▶ **What you need to do**
Take each line of the entries below that contains "Hltop" and copy it.

START Data listing

Lemma psihat_at_0 m l : (l < 2 ^ m)%nat -> l <> 0%nat -> psihat J r m l 0 = C0.
Proof.
  revert l. induction m as [|m IH]; intros l Hl Hl0; [simpl in Hl; lia|].
  cbn [psihat]. rewrite Nat.pow_succ_r' in Hl.
  destruct (Nat.eq_dec (l / 2) 0) as [E|E].
  - (* l = 1, so the factor is alpha[0] *)
    pose proof (Nat.div_mod_eq l 2). pose proof (Nat.mod_upper_bound l 2 ltac:(lia)).
    replace (mu_of l) with 1%nat by (unfold mu_of; rewrite E; cbn [Nat.even]; lia).
    unfold gammaf; cbn [Nat.eqb]. rewrite Nat.mul_0_r, alphaf_0. apply Cmul_0_l.
  - rewrite IH; [apply Cmul_0_r | apply Nat.Div0.div_lt_upper_bound; lia | auto].
Qed.

Lemma psihat_at_half m l : (1 <= J)%nat -> (1 <= m)%nat ->
  (l < 2 ^ m)%nat -> l <> (2 ^ m - 1)%nat -> psihat J r m l (Nn J / 2) = C0.
Proof.
  intros HJ. revert l. induction m as [|m IH]; intros l Hm Hl Hltop; [lia|].
  cbn [psihat]. rewrite Nat.pow_succ_r' in Hl, Hltop.
  pose proof (Nat.div_mod_eq l 2). pose proof (Nat.mod_upper_bound l 2 ltac:(lia)).
  destruct (Nat.eq_dec m 0) as [->|Hm0].
  - (* level 1: l = 0 and the factor is beta[N/2] *)
    replace l with 0%nat by (simpl in *; lia).
    unfold gammaf, mu_of; cbn [Nat.pow Nat.eqb Nat.even]. rewrite Nat.mul_1_l, betaf_half by auto.
    apply Cmul_0_l.
  - unfold gammaf. destruct (Nat.eqb_spec (mu_of l) 0) as [Hmu|Hmu].
    + rewrite IH; [apply Cmul_0_r | lia | apply Nat.Div0.div_lt_upper_bound; lia |].
      (* l / 2 = 2^m - 1 is odd, so mu_of l = 0 forces l = 2^(m+1) - 1 *)
      intros Htop. apply Hltop. unfold mu_of in Hmu.
      replace (Nat.even (l / 2)) with false in Hmu.
      * pose proof (pow2_pos m). lia.
      * rewrite Htop, (pow2_pred m), <- Nat.negb_odd by lia. symmetry.
        apply negb_false_iff, Nat.odd_spec. exists (2 ^ (m - 1) - 1)%nat.
        pose proof (pow2_pos (m - 1)). lia.
    + rewrite alphaf_half_multiple by lia. apply Cmul_0_l.
Qed.
End PacketZeros.

Definition phase (J n : nat) : C :=
  let n' := (n mod Nn J)%nat in
  let h := (Nn J / 2)%nat in
  if (0 <? n')%nat && (n' <? h)%nat then Copp Ci
  else if (h <? n')%nat then Ci
  else C1.

Lemma phihat_phase J r m l n : phihat J r m l n = Cmul (phase J n) (psihat J r m l n).
Proof.
  unfold phihat, phase. destruct (_ && _); auto. destruct (_ <? _)%nat; auto.
  generalize (psihat J r m l n); intros; Csolve.
Qed.

Lemma phase_unimodular J n : unimodular (phase J n).
Proof. unfold phase, unimodular. destruct (_ && _); [|destruct (_ <? _)%nat]; simpl; ring. Qed.

(** For [1 <= l <= 2^m - 2], [psihat] vanishes at [0] and [N/2], exactly where
    [phase] and the Hilbert multiplier differ. *)
Lemma phihat_hmult J r m l n : (1 <= J)%nat -> (1 <= r)%nat -> (1 <= m)%nat ->
  (1 <= l)%nat -> (l <= 2 ^ m - 2)%nat -> (n < Nn J)%nat ->
  phihat J r m l n = Cmul (hmult J n) (psihat J r m l n).
Proof.
  intros HJ Hr Hm Hl1 Hl2 Hn. pose proof (pow2_pos m).
  unfold phihat, hmult. rewrite Nat.mod_small by auto.
  destruct ((0 <? n)%nat && (n <? Nn J / 2)%nat) eqn:E1; auto.
  destruct (Nn J / 2 <? n)%nat eqn:E2; auto.
  rewrite Cmul_0_l.
  apply andb_false_iff in E1. rewrite Nat.ltb_ge in E2.
  destruct E1 as [E1|E1]; rewrite Nat.ltb_ge in E1.
  - replace n with 0%nat by lia. apply psihat_at_0; lia.
  - replace n with (Nn J / 2)%nat by lia. apply psihat_at_half; lia.
Qed.

Theorem proposition3p3 (J r m : nat) (psi phi : nat -> Z -> R) :
  (1 <= J)%nat -> (1 <= r)%nat -> (1 <= m)%nat -> (m <= J)%nat ->
  (* psi l = psi_[m],l : the element of Pi[N] with DFT psihat m l *)
  (forall l, (l < 2 ^ m)%nat ->
     periodic J (psi l) /\ forall n, DFT J (psi l) n = psihat J r m l n) ->
  (* phi l = phi_[m],l : the element of Pi[N] with DFT phihat m l *)
  (forall l, (l < 2 ^ m)%nat ->
     periodic J (phi l) /\ forall n, DFT J (phi l) n = phihat J r m l n) ->
  (* known fact (assumable): the shifts of psi_[m],l form an orthonormal system *)
  (forall l lam p s, (l < 2 ^ m)%nat -> (lam < 2 ^ m)%nat ->
     (p < 2 ^ (J - m))%nat -> (s < 2 ^ (J - m))%nat ->
     inner J (tshift (psi l) (Z.of_nat (2 ^ m * p))) (tshift (psi lam) (Z.of_nat (2 ^ m * s)))
     = if ((l =? lam) && (p =? s))%nat then 1 else 0) ->
  (* (i) *)
  (forall l n, (l < 2 ^ m)%nat -> Cmod (DFT J (phi l) n) = Cmod (DFT J (psi l) n))
  (* (ii) *)
  /\ (forall l, (1 <= l)%nat -> (l <= 2 ^ m - 2)%nat ->
        forall k, phi l k = Hilbert J (psi l) k)
  (* (iii) orthonormality *)
  /\ (forall l lam p s, (l < 2 ^ m)%nat -> (lam < 2 ^ m)%nat ->
        (p < 2 ^ (J - m))%nat -> (s < 2 ^ (J - m))%nat ->
        inner J (tshift (phi l) (Z.of_nat (2 ^ m * p))) (tshift (phi lam) (Z.of_nat (2 ^ m * s)))
        = if ((l =? lam) && (p =? s))%nat then 1 else 0)
  (* ... and it is a basis of Pi[N]: every x in Pi[N] expands in it *)
  /\ (forall x : Z -> R, periodic J x -> forall k : Z,
        x k = rsum (2 ^ m) (fun l => rsum (2 ^ (J - m)) (fun p =>
                inner J x (tshift (phi l) (Z.of_nat (2 ^ m * p)))
                * tshift (phi l) (Z.of_nat (2 ^ m * p)) k))).
Proof.
  intros HJ Hr Hm HmJ Hpsi Hphi Horth.
  assert (Hdft : forall l n, (l < 2 ^ m)%nat ->
            DFT J (phi l) n = Cmul (phase J n) (DFT J (psi l) n)).
  { intros l n Hl. rewrite (proj2 (Hphi l Hl)), (proj2 (Hpsi l Hl)). apply phihat_phase. }
  assert (Hortho : forall l lam p s, (l < 2 ^ m)%nat -> (lam < 2 ^ m)%nat ->
        (p < 2 ^ (J - m))%nat -> (s < 2 ^ (J - m))%nat ->
        inner J (tshift (phi l) (Z.of_nat (2 ^ m * p))) (tshift (phi lam) (Z.of_nat (2 ^ m * s)))
        = if ((l =? lam) && (p =? s))%nat then 1 else 0).
  { intros l lam p s Hl Hlam Hp Hs. rewrite <- Horth by auto.
    destruct (Hphi l Hl), (Hphi lam Hlam), (Hpsi l Hl), (Hpsi lam Hlam).
    apply (inner_unimodular_multiplier J (phase J)).
    1-4: apply tshift_periodic; auto.
    - intros; apply phase_unimodular.
    - apply multiplier_tshift; auto.
    - apply multiplier_tshift; auto. }
  split; [| split; [| split]].
  - intros l n Hl. rewrite Hdft by auto. apply Cmod_unimodular, phase_unimodular.
  - intros l Hl1 Hl2. assert (Hl : (l < 2 ^ m)%nat) by (pose proof (pow2_pos m); lia).
    apply Hilbert_by_dft; [apply Hphi; auto |]. intros n Hn.
    rewrite (proj2 (Hphi l Hl)), (proj2 (Hpsi l Hl)). apply phihat_hmult; auto.
  - exact Hortho.
  - apply orthonormal_expansion_blocks; auto.
    + unfold Nn. rewrite <- Nat.pow_add_r. f_equal. lia.
    + intros l p Hl _. apply tshift_periodic, Hphi; auto.
Qed.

END Data listing

▶ **Expected output**
  intros HJ. revert l. induction m as [|m IH]; intros l Hm Hl Hltop; [lia|].
  cbn [psihat]. rewrite Nat.pow_succ_r' in Hl, Hltop.
      intros Htop. apply Hltop. unfold mu_of in Hmu.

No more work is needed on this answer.